- WORK TO COMPLETE -
Give back an exact copy of the lines in the records below, from the line that has "(forall x, br x x = 0) &" through the line that has "Definition sym_bilinear (b", and nothing besides.

++++++++++++++++++++

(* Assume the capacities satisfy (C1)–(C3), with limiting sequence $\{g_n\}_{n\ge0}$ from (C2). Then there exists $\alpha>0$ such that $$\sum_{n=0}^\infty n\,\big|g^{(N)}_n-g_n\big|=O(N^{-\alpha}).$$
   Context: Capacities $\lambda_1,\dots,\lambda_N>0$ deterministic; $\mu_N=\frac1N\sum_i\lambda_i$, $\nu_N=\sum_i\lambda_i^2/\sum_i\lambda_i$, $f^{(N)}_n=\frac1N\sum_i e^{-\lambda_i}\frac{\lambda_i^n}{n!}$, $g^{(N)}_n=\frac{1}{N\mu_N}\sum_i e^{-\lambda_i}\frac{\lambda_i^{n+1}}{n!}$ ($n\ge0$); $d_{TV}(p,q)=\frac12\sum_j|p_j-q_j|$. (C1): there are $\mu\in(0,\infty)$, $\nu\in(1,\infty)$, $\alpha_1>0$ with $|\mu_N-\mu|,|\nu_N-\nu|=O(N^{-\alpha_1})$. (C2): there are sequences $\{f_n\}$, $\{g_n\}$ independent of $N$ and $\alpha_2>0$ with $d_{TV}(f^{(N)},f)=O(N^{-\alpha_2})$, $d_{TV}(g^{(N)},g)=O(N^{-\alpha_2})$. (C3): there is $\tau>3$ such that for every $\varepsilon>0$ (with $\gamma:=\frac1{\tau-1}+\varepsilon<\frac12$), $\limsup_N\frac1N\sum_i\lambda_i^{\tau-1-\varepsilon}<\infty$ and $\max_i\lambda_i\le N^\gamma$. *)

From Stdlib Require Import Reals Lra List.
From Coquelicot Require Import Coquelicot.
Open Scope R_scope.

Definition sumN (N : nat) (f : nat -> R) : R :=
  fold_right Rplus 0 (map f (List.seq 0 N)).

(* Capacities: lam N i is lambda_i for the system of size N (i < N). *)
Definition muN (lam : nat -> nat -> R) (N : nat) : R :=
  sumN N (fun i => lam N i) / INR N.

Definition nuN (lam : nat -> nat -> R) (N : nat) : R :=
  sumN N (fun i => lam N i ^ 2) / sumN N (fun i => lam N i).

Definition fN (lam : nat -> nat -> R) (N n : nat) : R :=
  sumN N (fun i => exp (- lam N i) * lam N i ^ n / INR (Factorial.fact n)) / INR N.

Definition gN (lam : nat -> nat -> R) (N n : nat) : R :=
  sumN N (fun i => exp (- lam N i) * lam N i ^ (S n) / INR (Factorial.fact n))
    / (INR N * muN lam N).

++++++++++++++++++++

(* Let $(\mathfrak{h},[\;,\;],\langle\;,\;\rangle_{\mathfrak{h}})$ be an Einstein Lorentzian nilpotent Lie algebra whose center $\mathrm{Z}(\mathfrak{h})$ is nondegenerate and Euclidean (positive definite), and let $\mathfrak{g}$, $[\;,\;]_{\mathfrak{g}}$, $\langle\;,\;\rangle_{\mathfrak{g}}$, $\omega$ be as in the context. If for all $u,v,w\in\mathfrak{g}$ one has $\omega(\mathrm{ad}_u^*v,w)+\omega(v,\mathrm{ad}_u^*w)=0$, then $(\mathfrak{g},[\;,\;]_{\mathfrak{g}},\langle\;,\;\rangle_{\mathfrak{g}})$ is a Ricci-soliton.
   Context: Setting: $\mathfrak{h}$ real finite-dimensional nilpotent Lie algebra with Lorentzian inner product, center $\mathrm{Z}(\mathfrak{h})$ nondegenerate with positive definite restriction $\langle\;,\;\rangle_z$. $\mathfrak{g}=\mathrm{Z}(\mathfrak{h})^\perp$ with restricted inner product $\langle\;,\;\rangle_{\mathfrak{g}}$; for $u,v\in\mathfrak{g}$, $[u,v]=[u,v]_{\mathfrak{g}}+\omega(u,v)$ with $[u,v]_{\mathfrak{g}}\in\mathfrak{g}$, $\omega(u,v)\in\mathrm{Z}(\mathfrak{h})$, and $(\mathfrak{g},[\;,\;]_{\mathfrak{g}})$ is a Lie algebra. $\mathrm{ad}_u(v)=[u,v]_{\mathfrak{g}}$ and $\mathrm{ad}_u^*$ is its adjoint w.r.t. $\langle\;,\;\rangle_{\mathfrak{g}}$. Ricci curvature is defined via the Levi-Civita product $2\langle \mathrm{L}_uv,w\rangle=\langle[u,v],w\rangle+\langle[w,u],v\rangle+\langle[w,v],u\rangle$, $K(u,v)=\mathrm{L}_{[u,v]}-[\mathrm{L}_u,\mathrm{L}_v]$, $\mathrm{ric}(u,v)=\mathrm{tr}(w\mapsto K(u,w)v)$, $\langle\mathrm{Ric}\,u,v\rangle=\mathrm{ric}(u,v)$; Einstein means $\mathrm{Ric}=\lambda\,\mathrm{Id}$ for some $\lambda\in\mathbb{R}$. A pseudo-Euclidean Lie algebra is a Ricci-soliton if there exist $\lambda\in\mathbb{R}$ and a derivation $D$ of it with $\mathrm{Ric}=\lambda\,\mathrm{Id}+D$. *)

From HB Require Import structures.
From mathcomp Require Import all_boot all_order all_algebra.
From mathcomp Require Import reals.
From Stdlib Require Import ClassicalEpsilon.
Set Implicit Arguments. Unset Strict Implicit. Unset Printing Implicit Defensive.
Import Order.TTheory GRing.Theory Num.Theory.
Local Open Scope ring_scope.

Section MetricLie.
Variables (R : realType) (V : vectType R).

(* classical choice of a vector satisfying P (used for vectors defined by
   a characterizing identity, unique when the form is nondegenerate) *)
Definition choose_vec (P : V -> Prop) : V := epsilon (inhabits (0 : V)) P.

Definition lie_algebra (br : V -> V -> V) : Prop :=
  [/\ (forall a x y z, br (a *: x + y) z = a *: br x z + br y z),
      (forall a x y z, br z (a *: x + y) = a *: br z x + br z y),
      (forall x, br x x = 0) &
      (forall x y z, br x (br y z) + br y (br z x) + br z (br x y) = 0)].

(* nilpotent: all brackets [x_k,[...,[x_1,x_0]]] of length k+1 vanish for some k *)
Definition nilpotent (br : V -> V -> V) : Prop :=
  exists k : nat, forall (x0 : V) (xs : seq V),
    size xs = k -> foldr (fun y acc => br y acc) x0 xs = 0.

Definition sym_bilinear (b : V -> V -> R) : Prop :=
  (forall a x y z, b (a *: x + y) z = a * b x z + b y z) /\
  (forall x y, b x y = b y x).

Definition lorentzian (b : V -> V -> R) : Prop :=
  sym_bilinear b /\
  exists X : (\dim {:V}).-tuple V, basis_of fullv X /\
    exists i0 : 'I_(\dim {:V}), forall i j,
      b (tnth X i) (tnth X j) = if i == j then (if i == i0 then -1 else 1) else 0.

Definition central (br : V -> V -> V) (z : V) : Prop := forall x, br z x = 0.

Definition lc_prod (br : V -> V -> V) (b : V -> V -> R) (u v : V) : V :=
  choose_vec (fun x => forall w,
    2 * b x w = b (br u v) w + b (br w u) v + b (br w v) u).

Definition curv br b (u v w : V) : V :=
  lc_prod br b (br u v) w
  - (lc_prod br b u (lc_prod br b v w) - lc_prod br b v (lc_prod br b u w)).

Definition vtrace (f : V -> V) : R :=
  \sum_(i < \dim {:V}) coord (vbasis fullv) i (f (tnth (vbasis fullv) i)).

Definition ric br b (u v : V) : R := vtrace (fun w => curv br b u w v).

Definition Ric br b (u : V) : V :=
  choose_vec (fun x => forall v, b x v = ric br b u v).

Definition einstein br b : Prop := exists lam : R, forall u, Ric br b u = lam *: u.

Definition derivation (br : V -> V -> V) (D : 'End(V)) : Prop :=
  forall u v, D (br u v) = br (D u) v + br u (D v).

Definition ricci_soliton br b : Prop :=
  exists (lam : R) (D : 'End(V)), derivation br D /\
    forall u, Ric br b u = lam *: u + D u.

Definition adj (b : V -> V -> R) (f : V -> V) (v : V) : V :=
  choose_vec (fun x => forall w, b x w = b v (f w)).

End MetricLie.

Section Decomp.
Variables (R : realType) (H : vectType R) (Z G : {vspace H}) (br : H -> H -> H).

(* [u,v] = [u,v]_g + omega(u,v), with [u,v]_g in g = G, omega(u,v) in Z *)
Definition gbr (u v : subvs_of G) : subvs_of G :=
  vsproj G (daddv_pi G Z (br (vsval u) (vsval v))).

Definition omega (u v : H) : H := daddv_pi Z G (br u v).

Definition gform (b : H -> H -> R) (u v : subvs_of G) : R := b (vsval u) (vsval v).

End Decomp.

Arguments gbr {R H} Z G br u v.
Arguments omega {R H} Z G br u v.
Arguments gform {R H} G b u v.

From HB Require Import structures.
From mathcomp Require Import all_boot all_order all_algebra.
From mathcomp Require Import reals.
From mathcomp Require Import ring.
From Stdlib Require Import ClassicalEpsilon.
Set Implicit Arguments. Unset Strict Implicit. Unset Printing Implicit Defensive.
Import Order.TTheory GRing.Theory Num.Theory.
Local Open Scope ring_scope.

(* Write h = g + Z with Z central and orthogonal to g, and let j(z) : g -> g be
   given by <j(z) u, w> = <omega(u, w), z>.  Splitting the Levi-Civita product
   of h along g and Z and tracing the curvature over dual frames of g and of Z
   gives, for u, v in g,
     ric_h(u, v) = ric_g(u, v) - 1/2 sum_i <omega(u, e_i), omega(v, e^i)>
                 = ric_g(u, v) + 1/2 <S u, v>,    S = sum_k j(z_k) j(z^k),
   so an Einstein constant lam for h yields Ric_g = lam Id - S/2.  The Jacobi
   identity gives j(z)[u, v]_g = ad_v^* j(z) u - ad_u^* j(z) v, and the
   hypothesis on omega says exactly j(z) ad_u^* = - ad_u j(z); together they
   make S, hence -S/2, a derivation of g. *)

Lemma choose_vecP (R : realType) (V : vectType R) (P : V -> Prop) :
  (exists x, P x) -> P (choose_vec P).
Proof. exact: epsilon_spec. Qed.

++++++++++++++++++++

- REPLY -
      (forall x, br x x = 0) &
      (forall x y z, br x (br y z) + br y (br z x) + br z (br x y) = 0)].

(* nilpotent: all brackets [x_k,[...,[x_1,x_0]]] of length k+1 vanish for some k *)
Definition nilpotent (br : V -> V -> V) : Prop :=
  exists k : nat, forall (x0 : V) (xs : seq V),
    size xs = k -> foldr (fun y acc => br y acc) x0 xs = 0.

Definition sym_bilinear (b : V -> V -> R) : Prop :=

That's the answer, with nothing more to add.